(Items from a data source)
-.-.-

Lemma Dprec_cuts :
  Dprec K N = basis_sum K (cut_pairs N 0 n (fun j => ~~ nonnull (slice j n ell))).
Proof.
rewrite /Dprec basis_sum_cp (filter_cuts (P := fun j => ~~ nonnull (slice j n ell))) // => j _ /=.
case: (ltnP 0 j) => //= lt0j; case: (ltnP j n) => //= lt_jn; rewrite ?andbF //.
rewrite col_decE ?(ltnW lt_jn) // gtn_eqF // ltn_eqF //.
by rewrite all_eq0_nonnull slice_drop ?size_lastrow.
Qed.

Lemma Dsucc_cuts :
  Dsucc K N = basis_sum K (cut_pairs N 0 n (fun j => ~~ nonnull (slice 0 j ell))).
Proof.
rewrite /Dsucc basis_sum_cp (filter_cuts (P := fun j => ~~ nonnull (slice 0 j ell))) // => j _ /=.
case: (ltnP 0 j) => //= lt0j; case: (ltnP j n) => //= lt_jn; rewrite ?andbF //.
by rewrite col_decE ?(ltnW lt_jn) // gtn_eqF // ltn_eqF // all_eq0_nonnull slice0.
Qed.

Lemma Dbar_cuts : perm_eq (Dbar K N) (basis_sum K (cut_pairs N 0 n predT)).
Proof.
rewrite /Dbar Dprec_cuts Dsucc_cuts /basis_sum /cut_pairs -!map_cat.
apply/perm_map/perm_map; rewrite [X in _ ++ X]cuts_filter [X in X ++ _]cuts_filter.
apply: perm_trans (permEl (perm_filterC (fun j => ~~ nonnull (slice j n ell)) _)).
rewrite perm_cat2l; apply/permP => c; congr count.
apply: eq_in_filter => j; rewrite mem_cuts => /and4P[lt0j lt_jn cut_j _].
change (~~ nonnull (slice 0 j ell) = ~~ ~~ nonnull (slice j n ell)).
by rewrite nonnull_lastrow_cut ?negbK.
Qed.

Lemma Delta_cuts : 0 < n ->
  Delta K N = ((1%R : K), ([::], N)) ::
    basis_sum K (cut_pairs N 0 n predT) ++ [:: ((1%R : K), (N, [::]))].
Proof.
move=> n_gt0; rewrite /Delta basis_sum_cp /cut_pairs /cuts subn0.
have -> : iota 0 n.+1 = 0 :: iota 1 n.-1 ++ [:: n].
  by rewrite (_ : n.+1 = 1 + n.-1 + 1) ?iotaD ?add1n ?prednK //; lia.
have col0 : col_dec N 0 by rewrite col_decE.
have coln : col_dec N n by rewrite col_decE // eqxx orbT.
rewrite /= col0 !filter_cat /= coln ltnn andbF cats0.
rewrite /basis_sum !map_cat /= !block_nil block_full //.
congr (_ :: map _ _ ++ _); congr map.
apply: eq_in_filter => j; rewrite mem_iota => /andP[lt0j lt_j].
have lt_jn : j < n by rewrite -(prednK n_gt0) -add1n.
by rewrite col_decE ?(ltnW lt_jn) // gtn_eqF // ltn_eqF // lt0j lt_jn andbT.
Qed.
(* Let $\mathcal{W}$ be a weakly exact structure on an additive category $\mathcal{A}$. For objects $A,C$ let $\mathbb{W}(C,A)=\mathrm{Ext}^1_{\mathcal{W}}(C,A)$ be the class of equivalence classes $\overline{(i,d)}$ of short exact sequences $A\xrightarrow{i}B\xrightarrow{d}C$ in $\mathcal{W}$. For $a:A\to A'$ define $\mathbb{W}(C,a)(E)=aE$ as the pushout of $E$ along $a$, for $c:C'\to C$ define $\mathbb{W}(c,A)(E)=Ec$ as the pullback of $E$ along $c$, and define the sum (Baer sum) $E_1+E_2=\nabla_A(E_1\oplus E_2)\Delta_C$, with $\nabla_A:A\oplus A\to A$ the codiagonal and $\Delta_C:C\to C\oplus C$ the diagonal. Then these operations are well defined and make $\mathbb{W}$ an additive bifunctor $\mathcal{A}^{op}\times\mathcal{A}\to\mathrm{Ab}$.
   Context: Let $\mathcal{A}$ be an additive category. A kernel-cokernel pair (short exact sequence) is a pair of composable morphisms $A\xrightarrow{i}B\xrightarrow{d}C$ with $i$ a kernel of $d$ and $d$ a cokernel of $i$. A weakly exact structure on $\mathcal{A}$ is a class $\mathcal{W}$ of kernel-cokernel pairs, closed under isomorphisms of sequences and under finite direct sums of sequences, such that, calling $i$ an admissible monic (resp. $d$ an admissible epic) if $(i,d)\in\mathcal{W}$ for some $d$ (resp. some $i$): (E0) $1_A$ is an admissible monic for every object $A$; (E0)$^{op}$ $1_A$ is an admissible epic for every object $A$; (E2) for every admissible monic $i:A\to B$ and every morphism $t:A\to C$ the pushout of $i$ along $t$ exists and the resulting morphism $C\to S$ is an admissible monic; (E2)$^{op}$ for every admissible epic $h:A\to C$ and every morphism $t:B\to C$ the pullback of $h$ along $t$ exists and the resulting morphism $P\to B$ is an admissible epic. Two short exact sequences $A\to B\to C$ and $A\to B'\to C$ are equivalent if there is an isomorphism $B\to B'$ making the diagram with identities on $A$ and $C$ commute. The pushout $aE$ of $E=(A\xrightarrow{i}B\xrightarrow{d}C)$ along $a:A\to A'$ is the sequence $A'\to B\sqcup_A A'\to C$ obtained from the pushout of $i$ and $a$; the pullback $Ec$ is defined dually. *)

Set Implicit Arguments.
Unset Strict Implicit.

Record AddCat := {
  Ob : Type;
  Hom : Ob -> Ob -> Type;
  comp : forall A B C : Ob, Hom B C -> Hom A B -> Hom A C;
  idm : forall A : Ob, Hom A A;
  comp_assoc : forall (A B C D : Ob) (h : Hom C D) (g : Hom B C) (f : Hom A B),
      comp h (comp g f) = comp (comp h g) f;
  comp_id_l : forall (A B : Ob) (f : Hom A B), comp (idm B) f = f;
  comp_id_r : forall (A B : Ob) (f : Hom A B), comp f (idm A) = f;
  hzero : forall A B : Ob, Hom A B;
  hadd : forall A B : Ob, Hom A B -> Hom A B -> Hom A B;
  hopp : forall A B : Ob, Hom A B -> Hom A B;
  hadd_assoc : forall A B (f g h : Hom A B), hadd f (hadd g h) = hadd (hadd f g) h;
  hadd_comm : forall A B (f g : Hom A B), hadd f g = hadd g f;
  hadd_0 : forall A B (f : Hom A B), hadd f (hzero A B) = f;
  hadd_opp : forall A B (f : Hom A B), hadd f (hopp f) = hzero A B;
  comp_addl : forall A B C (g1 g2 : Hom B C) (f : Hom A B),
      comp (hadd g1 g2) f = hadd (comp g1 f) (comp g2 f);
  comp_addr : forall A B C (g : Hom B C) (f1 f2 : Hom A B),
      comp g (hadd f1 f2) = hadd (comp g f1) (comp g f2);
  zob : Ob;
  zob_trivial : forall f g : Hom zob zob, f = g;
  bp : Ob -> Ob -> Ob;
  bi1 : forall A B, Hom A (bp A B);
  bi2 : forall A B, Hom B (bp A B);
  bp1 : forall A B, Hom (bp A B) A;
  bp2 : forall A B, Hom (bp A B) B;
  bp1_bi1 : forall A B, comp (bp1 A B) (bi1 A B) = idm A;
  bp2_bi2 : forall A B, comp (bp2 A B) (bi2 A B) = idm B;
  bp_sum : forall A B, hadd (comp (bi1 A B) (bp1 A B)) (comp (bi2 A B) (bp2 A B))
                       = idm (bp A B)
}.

-.-.-

§ **EXERCISE**
Taking the entries above, write out exactly the lines starting with the line containing "hadd_0 : forall" and going on through the line containing "bp2_bi2 : forall", both included, and nothing else.

§ **TASK OUTPUT**
  hadd_0 : forall A B (f : Hom A B), hadd f (hzero A B) = f;
  hadd_opp : forall A B (f : Hom A B), hadd f (hopp f) = hzero A B;
  comp_addl : forall A B C (g1 g2 : Hom B C) (f : Hom A B),
      comp (hadd g1 g2) f = hadd (comp g1 f) (comp g2 f);
  comp_addr : forall A B C (g : Hom B C) (f1 f2 : Hom A B),
      comp g (hadd f1 f2) = hadd (comp g f1) (comp g f2);
  zob : Ob;
  zob_trivial : forall f g : Hom zob zob, f = g;
  bp : Ob -> Ob -> Ob;
  bi1 : forall A B, Hom A (bp A B);
  bi2 : forall A B, Hom B (bp A B);
  bp1 : forall A B, Hom (bp A B) A;
  bp2 : forall A B, Hom (bp A B) B;
  bp1_bi1 : forall A B, comp (bp1 A B) (bi1 A B) = idm A;
  bp2_bi2 : forall A B, comp (bp2 A B) (bi2 A B) = idm B;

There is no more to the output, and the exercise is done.